What this task involves: Repeat only the lines below from the one containing "Definition dom_conj (v" through the one containing "exists c : 'I_k -> int, y", inclusive, exactly as written.

*** Given records Section Begins ***

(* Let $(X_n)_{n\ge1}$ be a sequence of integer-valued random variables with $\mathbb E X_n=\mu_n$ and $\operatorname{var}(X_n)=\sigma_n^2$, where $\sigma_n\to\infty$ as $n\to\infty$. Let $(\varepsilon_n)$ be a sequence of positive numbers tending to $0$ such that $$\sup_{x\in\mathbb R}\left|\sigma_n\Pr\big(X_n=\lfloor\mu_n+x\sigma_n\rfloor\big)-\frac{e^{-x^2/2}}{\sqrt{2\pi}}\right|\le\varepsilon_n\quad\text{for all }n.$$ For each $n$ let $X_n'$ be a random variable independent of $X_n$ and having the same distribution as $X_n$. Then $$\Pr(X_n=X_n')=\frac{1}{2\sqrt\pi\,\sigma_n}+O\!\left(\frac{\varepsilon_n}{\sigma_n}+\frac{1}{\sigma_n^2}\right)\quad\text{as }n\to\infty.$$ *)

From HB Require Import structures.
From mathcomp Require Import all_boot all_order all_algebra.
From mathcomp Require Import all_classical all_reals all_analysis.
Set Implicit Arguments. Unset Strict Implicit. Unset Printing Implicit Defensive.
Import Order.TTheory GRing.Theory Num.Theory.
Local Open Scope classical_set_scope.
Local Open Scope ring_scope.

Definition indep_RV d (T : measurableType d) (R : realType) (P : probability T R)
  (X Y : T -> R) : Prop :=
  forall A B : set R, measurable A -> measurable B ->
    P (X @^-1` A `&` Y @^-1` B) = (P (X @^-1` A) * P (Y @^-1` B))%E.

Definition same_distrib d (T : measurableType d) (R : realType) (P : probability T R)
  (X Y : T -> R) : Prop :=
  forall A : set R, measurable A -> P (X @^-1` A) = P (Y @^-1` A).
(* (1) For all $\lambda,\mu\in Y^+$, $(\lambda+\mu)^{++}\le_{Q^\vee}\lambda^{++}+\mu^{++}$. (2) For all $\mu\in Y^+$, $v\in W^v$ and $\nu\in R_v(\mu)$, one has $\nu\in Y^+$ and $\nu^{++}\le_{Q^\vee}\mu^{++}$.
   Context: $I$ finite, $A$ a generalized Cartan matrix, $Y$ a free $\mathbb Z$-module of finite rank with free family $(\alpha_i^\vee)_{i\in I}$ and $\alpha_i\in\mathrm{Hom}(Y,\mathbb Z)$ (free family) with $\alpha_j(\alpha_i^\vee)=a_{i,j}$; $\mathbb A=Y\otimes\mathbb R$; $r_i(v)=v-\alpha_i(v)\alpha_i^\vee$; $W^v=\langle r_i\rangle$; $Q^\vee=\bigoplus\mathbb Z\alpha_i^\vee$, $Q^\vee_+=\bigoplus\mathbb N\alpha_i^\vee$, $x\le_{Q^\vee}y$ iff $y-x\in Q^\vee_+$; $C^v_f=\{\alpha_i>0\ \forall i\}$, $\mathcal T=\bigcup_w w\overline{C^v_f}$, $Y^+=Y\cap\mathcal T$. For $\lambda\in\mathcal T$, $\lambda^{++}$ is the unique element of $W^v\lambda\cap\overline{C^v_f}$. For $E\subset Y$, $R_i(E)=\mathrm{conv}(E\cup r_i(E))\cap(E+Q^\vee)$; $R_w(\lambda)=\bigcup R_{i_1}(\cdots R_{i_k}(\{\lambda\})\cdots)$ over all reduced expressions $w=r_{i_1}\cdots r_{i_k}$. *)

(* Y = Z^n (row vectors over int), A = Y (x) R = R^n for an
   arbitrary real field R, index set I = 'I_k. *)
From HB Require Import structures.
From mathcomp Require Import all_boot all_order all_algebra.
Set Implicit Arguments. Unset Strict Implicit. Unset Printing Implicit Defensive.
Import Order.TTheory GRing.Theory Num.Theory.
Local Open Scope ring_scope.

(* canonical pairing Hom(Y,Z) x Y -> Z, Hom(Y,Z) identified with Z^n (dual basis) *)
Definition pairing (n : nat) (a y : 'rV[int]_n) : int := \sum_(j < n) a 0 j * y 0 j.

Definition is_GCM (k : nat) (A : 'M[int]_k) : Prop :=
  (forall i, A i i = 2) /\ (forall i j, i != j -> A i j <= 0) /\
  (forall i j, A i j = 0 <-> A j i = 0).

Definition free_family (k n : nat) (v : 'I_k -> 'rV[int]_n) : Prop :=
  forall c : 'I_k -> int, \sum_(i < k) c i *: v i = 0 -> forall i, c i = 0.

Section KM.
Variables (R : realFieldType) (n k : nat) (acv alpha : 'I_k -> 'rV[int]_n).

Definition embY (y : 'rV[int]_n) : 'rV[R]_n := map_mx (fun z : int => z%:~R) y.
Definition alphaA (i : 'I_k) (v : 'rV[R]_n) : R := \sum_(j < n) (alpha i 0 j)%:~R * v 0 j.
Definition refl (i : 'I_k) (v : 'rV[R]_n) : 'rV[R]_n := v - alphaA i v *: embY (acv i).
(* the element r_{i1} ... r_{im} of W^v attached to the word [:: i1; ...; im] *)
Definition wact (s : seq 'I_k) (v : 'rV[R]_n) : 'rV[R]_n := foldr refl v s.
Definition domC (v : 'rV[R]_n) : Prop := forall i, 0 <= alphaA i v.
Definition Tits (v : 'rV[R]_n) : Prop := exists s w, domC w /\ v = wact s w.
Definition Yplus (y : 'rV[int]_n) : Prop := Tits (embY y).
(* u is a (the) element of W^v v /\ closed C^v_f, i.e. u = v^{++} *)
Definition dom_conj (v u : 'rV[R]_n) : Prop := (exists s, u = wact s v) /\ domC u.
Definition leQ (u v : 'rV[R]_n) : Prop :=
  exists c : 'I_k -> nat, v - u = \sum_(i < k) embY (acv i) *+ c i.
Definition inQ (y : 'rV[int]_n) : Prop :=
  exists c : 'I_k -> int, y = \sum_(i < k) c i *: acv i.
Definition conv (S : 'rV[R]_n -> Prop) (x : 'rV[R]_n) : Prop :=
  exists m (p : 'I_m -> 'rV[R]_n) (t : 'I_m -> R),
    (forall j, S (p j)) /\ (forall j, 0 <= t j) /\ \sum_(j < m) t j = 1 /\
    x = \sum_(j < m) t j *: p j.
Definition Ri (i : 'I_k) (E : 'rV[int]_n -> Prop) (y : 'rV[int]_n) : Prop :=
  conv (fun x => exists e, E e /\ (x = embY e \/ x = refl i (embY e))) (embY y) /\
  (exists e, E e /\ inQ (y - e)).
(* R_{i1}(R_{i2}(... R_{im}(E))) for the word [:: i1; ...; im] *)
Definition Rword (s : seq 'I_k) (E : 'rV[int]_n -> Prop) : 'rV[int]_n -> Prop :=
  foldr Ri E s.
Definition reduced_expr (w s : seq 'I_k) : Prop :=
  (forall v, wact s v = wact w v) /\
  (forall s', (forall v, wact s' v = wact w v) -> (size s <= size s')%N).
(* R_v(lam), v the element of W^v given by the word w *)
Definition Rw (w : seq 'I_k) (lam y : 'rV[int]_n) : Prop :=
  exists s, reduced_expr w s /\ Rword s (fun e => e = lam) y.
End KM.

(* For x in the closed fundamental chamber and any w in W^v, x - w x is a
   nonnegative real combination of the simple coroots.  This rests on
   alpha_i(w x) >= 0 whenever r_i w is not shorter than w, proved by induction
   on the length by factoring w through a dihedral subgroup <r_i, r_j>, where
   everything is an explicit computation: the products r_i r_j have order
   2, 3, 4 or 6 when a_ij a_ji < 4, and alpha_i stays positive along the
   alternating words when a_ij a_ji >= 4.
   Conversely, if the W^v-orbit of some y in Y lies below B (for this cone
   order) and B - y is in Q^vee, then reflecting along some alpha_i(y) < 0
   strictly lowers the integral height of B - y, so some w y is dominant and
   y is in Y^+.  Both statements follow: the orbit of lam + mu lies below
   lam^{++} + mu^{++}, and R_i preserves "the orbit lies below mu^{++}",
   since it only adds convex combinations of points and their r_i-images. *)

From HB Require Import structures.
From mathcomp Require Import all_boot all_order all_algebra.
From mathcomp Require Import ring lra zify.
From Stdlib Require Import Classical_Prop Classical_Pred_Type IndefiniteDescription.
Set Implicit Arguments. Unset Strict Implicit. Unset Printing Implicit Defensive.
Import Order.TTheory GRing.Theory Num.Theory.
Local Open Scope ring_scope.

*** Given records Section Ends ***

Task answer:
Definition dom_conj (v u : 'rV[R]_n) : Prop := (exists s, u = wact s v) /\ domC u.
Definition leQ (u v : 'rV[R]_n) : Prop :=
  exists c : 'I_k -> nat, v - u = \sum_(i < k) embY (acv i) *+ c i.
Definition inQ (y : 'rV[int]_n) : Prop :=
  exists c : 'I_k -> int, y = \sum_(i < k) c i *: acv i.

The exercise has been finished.